秦无尘站在圆形石室的入口,脚下是平整如镜的黑石地面,没有一丝脚印,也没有风。
他没动,匕首还握在右手里,刃尖朝下,血珠早已落地消失,可刚才那股暖意却像活了一样,在鼻尖绕着不散。
他往前迈了一步。
这一步落下,整个空间像是被惊醒。
道令就在正前方三丈远的地方,悬在半空,离地约莫齐胸高,通体是温润的玉质,颜色偏青,边缘泛着淡淡的金光,像是日头晒透了老玉镯子的那种暖色。
它不动,但有节奏地微微起伏,一明一暗,真跟心跳似的。
秦无尘盯着它,左手习惯性地摸了摸腕上的冰蚕丝带。
他一步步走过去,脚步放得很轻,不是怕惊动什么,而是本能——这种地方,声音太大会让空气发颤。
走到距离道令还有五步时,他停了下来。
不是因为危险,而是因为他看见了阵法。
那层护盾一开始根本看不见,直到他抬手,指尖刚要触到道令的瞬间,空气突然“嗡”了一下。
就像往水里扔了颗小石子,涟漪从道令四周荡开,一圈圈透明波纹浮现,把他挡在外头。
他缩回手,眯眼细看。
护盾是圆的,把道令裹得严实,表面流动着极细的符文,快得几乎看不清轨迹。
那些符号不是刻上去的,是活的,像虫子一样在光幕上爬,时而聚拢成团,时而散开重组。
他看得久了,眼睛有点发酸。
就在这时候,脑子里那个声音响了。
“检测到高阶封印阵法,需破解后方可接触目标”
声音平平的,没情绪,也没画面。
他知道这是系统在说话,不是幻听,也不是心声,就是那种……
你吃饭时锅盖自己掀开一下的感觉,怪,但你信它。
他没急着动作,退后半步,重新打量整个石室。
四壁是整块黑岩凿成的,看不出年头,也没火把或灵灯照明,可偏偏不黑。
光源来自道令本身,它的光不刺眼,照在墙上,显出一些浅浅的刻痕。
那些刻痕连起来,是个大圈,围着中央的道令,圈上有九个点,每个点都对应一种符形。
他慢慢蹲下身,手指虚划地面。
第一道纹路从西北起,绕过东南,折向正中,又分出两支,一支向上接天枢位,一支向下沉入地脉线。
这走势……有点熟。
他闭了闭眼,脑海里忽然闪过一片残碑林的画面。
断石横七竖八倒在地上,风吹沙走,其中一块碑角裂开,露出一组符文,和眼前这个阵法的边角纹路几乎一模一样。
画面只停留了一瞬,随即消散。
他知道,那是系统给的记忆碎片。
他睁开眼,呼吸稳住了。
这阵法,不是完全陌生的东西。
它用的是“九宫回环”的底子,中间掺了“阴阳错位”的变招,外层还套了个“三息锁元”的防御结构。
复杂是复杂,但不是无迹可寻。
关键是……这些基础,他学过。
不是系统教的,也不是哪个宗门秘传。
是他早年在一处山洞避雨时,有人随手画在石壁上的。
那人当时穿着灰袍,头发乱糟糟扎着,一边啃干粮一边说:“你看,阵法这东西,别总想着多玄多高深,最厉害的,往往是从最简单的路子走出来的。
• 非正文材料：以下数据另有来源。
(* Let $(\mathfrak g,d,[\,,\,])$ be a differential graded Lie algebra and $\eta:\mathfrak g\to\mathfrak g[-1]$ any linear map. Let $(\mathfrak g,\mu_* )$ be the $L_\infty$-algebra given by $\mu_1=d$, $\mu_2(v_1,v_2)=(d\eta+\eta d)[v_1,v_2]$ and, for $n\ge3$, $\mu_n(v_1,\dots,v_n)=(-1)^n\sum_{\sigma\in Sh(n-1,n)}(-1)^{\tilde\sigma}e(\sigma)\,\eta[\mu_{n-1}(v_{\sigma(1)},\dots,v_{\sigma(n-1)}),v_{\sigma(n)}]$. Then the Kuranishi map $K$ with components $$K_1(v_1)=v_1,\qquad K_2(v_1,v_2)=\eta[v_1,v_2],\qquad K_n=0\ \ (n\ge3)$$ is an $L_\infty$-isomorphism from $(\mathfrak g,\mu_* )$ to the differential abelian Lie algebra $(\mathfrak g,d,0)$.
   Context: For a $\mathbb Z$-graded vector space $\mathfrak g$, $\mathfrak g[n]$ is the shift with $(\mathfrak g[n])^i=\mathfrak g^{i+n}$; $\tilde v$ is the parity of the degree of homogeneous $v$. $Sh(k,n)$ is the set of permutations $\sigma$ of $\{1,\dots,n\}$ with $\sigma(1)<\dots<\sigma(k)$ and $\sigma(k+1)<\dots<\sigma(n)$; $\tilde\sigma$ is its parity and the Koszul sign $e(\sigma)$ is defined by $v_{\sigma(1)}\wedge\dots\wedge v_{\sigma(n)}=(-1)^{\tilde\sigma}e(\sigma)v_1\wedge\dots\wedge v_n$. An $L_\infty$-algebra is a graded space with maps $\mu_k:\Lambda^k\mathfrak g\to\mathfrak g[2-k]$ satisfying, for all $n\ge1$, $\sum_{k+l=n+1}\sum_{\sigma\in Sh(k,n)}(-1)^{\tilde\sigma+k(l-1)}e(\sigma)\mu_l(\mu_k(v_{\sigma(1)},\dots,v_{\sigma(k)}),v_{\sigma(k+1)},\dots,v_{\sigma(n)})=0$. A differential abelian Lie algebra $(\mathfrak g',d',0)$ is the $L_\infty$-algebra with $\mu'_1=d'$ and $\mu'_n=0$ for $n\ge2$. An $L_\infty$-morphism from an $L_\infty$-algebra $(\mathfrak g,\mu_* )$ to a differential abelian Lie algebra $(\mathfrak g',d',0)$ is a family of linear maps $F_n:\Lambda^n\mathfrak g\to\mathfrak g'[1-n]$, $n\ge1$, such that for all $n\ge1$ and all $v_1,\dots,v_n$, $$d'F_n(v_1,\dots,v_n)=\sum_{k+l=n+1}\sum_{\sigma\in Sh(k,n)}(-1)^{\tilde\sigma+k(l-1)}e(\sigma)\,F_l\big(\mu_k(v_{\sigma(1)},\dots,v_{\sigma(k)}),v_{\sigma(k+1)},\dots,v_{\sigma(n)}\big).$$ It is an $L_\infty$-isomorphism if $F_1:\mathfrak g\to\mathfrak g'$ is an isomorphism of graded vector spaces. *)

From HB Require Import structures.
From mathcomp Require Import all_boot all_order all_algebra all_fingroup.
Set Implicit Arguments.
Unset Strict Implicit.
Unset Printing Implicit Defensive.
Import Order.TTheory GRing.Theory Num.Theory.
Local Open Scope ring_scope.

(* A Z-graded vector space g is modelled as a K-vector space V together with
   the family of its homogeneous components G i = g^i (subspaces of V) such
   that V is their direct sum.  A homogeneous element "with its degree" is a
   pair (i, v) with v \in G i. *)

Definition par (i : int) : bool := odd `|i|%N.
Definition sgn {K : fieldType} (b : bool) : K := (-1) ^+ b.

Section Defs.
Variables (K : fieldType) (V : lmodType K).

Definition hnth (s : seq (int * V)) (i : nat) : int * V := nth (0%Z, 0) s i.

Definition hom_seq (G : int -> {pred V}) (s : seq (int * V)) : bool :=
  all (fun p => p.2 \in G p.1) s.

Definition degsum (s : seq (int * V)) : int := \sum_(p <- s) p.1.

Definition graded_space (G : int -> {pred V}) : Prop :=
  [/\ forall i, 0 \in G i,
      forall i (a : K) x y, x \in G i -> y \in G i -> a *: x + y \in G i,
      forall v : V, exists s : seq (int * V),
         [/\ uniq (map fst s), hom_seq G s & v = \sum_(p <- s) p.2] &
      forall s : seq (int * V), uniq (map fst s) -> hom_seq G s ->
         \sum_(p <- s) p.2 = 0 -> all (fun p => p.2 == 0) s].

(* f : g -> g[k], i.e. f maps g^i into g^(i+k) *)
Definition has_degree (G : int -> {pred V}) (f : V -> V) (k : int) : Prop :=
  forall i x, x \in G i -> f x \in G (i + k).

Definition is_dgla (G : int -> {pred V}) (d : V -> V) (br : V -> V -> V) : Prop :=
  has_degree G d 1 /\
  (forall x, d (d x) = 0) /\
  (forall i j x y, x \in G i -> y \in G j -> br x y \in G (i + j)) /\
  (forall (a : K) x y z, br (a *: x + y) z = a *: br x z + br y z) /\
  (forall (a : K) x y z, br z (a *: x + y) = a *: br z x + br z y) /\
  (forall i j x y, x \in G i -> y \in G j ->
     br x y = - (sgn (par i && par j) *: br y x)) /\
  (forall i j k x y z, x \in G i -> y \in G j -> z \in G k ->
     br x (br y z) = br (br x y) z + sgn (par i && par j) *: br y (br x z)) /\
  (forall i j x y, x \in G i -> y \in G j ->
     d (br x y) = br (d x) y + sgn (par i) *: br x (d y)).

(* (k,n)-unshuffles: sigma(1)<..<sigma(k), sigma(k+1)<..<sigma(n) *)
Definition shuffle (n k : nat) (s : {perm 'I_n}) : bool :=
  [forall i : 'I_n, forall j : 'I_n,
     ((i < j)%N && ((j < k)%N || (k <= i)%N)) ==> (s i < s j)%N].

Definition pseq (s : seq (int * V)) (sg : {perm 'I_(size s)}) : seq (int * V) :=
  [seq hnth s (sg i) | i <- enum 'I_(size s)].
Arguments pseq : clear implicits.

Definition koszul (s : seq (int * V)) (sg : {perm 'I_(size s)}) : K :=
  \prod_(i < size s) \prod_(j < size s | (i < j)%N && (sg j < sg i)%N)
     sgn (par (hnth s (sg i)).1 && par (hnth s (sg j)).1).
Arguments koszul : clear implicits.

Definition shsign (s : seq (int * V)) (sg : {perm 'I_(size s)}) : K :=
  sgn (odd_perm sg) * koszul s sg.
Arguments shsign : clear implicits.

Fixpoint mu_rec (d eta : V -> V) (br : V -> V -> V) (n : nat)
    (s : seq (int * V)) : V :=
  match n with
  | 0 => 0
  | 1 => d (hnth s 0).2
  | 2 => d (eta (br (hnth s 0).2 (hnth s 1).2))
         + eta (d (br (hnth s 0).2 (hnth s 1).2))
  | m.+1 =>
      (-1) ^+ m.+1 *:
      \sum_(sg : {perm 'I_(size s)} | shuffle m sg)
         shsign s sg *: eta (br (mu_rec d eta br m (take m (pseq s sg)))
                                (hnth (pseq s sg) m).2)
  end.

Definition mu d eta br (s : seq (int * V)) : V := mu_rec d eta br (size s) s.

(* The Kuranishi map: K_1 = id, K_2 = eta [ , ], K_n = 0 otherwise.
   F_n(v_1,..,v_n) is written F [:: v_1; ...; v_n]. *)
Definition kuranishi (eta : V -> V) (br : V -> V -> V) (s : seq V) : V :=
  match s with
  | [:: x] => x
  | [:: x; y] => eta (br x y)
  | _ => 0
  end.

Definition linfty_morphism_to_abelian (G : int -> {pred V})
    (mu : seq (int * V) -> V) (d' : V -> V) (F : seq V -> V) : Prop :=
  [/\
      forall (l r : seq V) (a : K) x y,
        F (l ++ (a *: x + y) :: r) = a *: F (l ++ x :: r) + F (l ++ y :: r),
      (* graded antisymmetric, i.e. defined on Lambda^n g *)
      forall (l r : seq V) i j x y, x \in G i -> y \in G j ->
        F (l ++ x :: y :: r) = - (sgn (par i && par j) *: F (l ++ y :: x :: r)),
      forall s, hom_seq G s -> (0 < size s)%N ->
        F (map snd s) \in G (degsum s + 1 - (size s)%:Z) &
      forall s, hom_seq G s -> (0 < size s)%N ->
        d' (F (map snd s)) =
        \sum_(k < size s) \sum_(sg : {perm 'I_(size s)} | shuffle k.+1 sg)
           (shsign s sg * sgn (odd (k.+1 * (size s - k.+1)))) *:
           F (mu (take k.+1 (pseq s sg)) :: map snd (drop k.+1 (pseq s sg)))].

Definition linfty_iso_to_abelian (G : int -> {pred V})
    (mu : seq (int * V) -> V) (d' : V -> V) (F : seq V -> V) : Prop :=
  linfty_morphism_to_abelian G mu d' F /\ bijective (fun v => F [:: v]).

End Defs.

(* Since K_l = 0 for l >= 3, only the terms with l = 1 and l = 2 survive on the
   right-hand side of the n-th morphism equation for K.  The l = 1 term is
   mu_n(v_1, ..., v_n), because the only (n, n)-unshuffle is the identity.
   For n >= 3 the l = 2 term is, up to the sign (-1)^(n-1), exactly the sum
   over Sh(n-1, n) defining mu_n, so it equals -mu_n and both sides vanish.
   For n = 2 the l = 2 term is -eta d[v_1, v_2] by the Leibniz rule and graded
   antisymmetry; it cancels the eta d part of mu_2 = (d eta + eta d)[ , ],
   leaving d K_2. *)

From mathcomp Require Import all_boot all_order all_algebra all_fingroup.
Set Implicit Arguments.
Unset Strict Implicit.
Unset Printing Implicit Defensive.
Import GRing.Theory.
Local Open Scope ring_scope.

Lemma perm_incr_eq1 n (sg : 'S_n) : {homo sg : i j / (i < j)%N} -> sg = 1%g.
Proof.
move=> sg_incr.
have vsg : map (val \o sg) (enum 'I_n) = iota 0 n.
  apply: (irr_sorted_eq ltn_trans ltnn); last 1 first.
  - move=> k; rewrite mem_iota /=; apply/mapP/idP => [[i _ ->]|k_lt_n].
      exact: ltn_ord.
    by exists ((sg^-1)%g (Ordinal k_lt_n)); rewrite ?mem_enum //= permKV.
  - apply: (@homo_sorted _ _ _ (relpre val ltn)) => //.
    by rewrite -sorted_map val_enum_ord iota_ltn_sorted.
  - exact: iota_ltn_sorted.
apply/permP => i; rewrite perm1; apply/val_inj.
have := congr1 (nth 0%N ^~ i) vsg.
by rewrite (nth_map i) ?size_enum_ord // nth_ord_enum nth_iota.
Qed.

Lemma shuffle_eq1 n (sg : 'S_n) : shuffle n sg -> sg = 1%g.
Proof.
move=> /forallP sh; apply: perm_incr_eq1 => i j ij.
by move: (sh i) => /forallP/(_ j)/implyP; apply; rewrite ij ltn_ord.
Qed.

Lemma shuffle1 n k : shuffle k (1%g : 'S_n).
Proof.
apply/forallP => i; apply/forallP => j; apply/implyP => /andP[ij _].
by rewrite !perm1.
Qed.

Lemma shuffle_S2 (sg : 'S_2) : shuffle 1 sg.
Proof.
apply/forallP => i; apply/forallP => j; apply/implyP.
by case: i j => [[|[|?]] ?] [[|[|?]] ?].
Qed.

Lemma ord2P (i : 'I_2) : i = ord0 \/ i = ord_max.
Proof. by case: i => [[|[|//]] lt_i2]; [left|right]; apply: val_inj. Qed.

Lemma perm2P (sg : 'S_2) : sg = 1%g \/ sg = tperm ord0 ord_max.
Proof.
have sg_max : sg ord_max != sg ord0 by rewrite (inj_eq perm_inj).
case: (ord2P (sg ord0)) => sg0; [left|right]; apply/permP => i;
  case: (ord2P i) => ->; rewrite ?perm1 ?tpermL ?tpermR ?sg0 //;
  by case: (ord2P (sg ord_max)) sg_max => ->; rewrite sg0.
Qed.

Lemma sum_S2 (M : nmodType) (f : 'S_2 -> M) :
  \sum_(sg : 'S_2) f sg = f 1%g + f (tperm ord0 ord_max).
Proof.
have t_neq1 : tperm ord0 (ord_max : 'I_2) != 1%g.
  by apply/eqP => /permP/(_ ord0); rewrite tpermL perm1.
rewrite (bigD1 1%g) // (bigD1 (tperm ord0 ord_max)) //= big1 ?addr0 // => sg.
by case: (perm2P sg) => ->; rewrite ?eqxx ?andbF.
Qed.

Lemma par_addz1 (i : int) : par (i + 1) = ~~ par i.
Proof.
rewrite /par; case: i => [n|[|n]] //; first by rewrite -PoszD absz_nat addn1.
have -> : Negz n.+1 + 1 = - (n.+1)%:Z by rewrite NegzE -addn1 PoszD opprD addrK.
by rewrite NegzE !abszN /= negbK.
Qed.

Lemma sgn_andb_negb (K : fieldType) (b c : bool) :
  sgn (b && c) * sgn (~~ b && c) = sgn c :> K.
Proof. by case: b; rewrite /sgn /= ?mulr1 ?mul1r. Qed.

Section Unshuffles.
Variables (K : fieldType) (V : lmodType K).
Implicit Types (s : seq (int * V)) (x y : int * V).

Lemma size_pseq s (sg : {perm 'I_(size s)}) : size (pseq sg) = size s.
Proof. by rewrite /pseq size_map size_enum_ord. Qed.

Lemma pseq1 s : pseq (s := s) 1%g = s.
Proof.
rewrite /pseq (eq_map (g := fun i : 'I_(size s) => hnth s i)); last first.
  by move=> i; rewrite perm1.
by rewrite -[s in RHS](mkseq_nth (0%Z, 0)) /mkseq -val_enum_ord -map_comp.
Qed.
”
然后她就拿炭条在墙上画了个圈,分成九格,标了阴阳位,又画了几条流转线。
他还记得自己当时问:“这叫啥?”
她说:“随便起的,就叫‘懒人破阵图’吧。”
后来他才知道,那是墨鸢。
他低头看了看自己的手,又抬头看向护盾上的符文流转。
一样的节奏,一样的转折点。
虽然眼前的阵法放大了几十倍,嵌进了更高阶的规则,但骨子里的走法,和当年山洞里那幅“懒人图”是一个路数。
他嘴角动了动,没笑出来,但心里松了一截。
至少不是完全看不懂的天书。
他站起身,绕着护盾走了一圈,每一步都踩得极稳。
走到正南位时,他停下,伸出右手,掌心贴上光幕。
一股微麻顺着指尖窜上来,不疼,也不强,就像碰到了一层湿布。
他没撤手,反而加了点力。
护盾晃了晃,符文流速加快,仿佛察觉到了干扰。
与此同时,他左眼瞳孔深处,混沌金纹轻轻一跳,像是感应到了什么。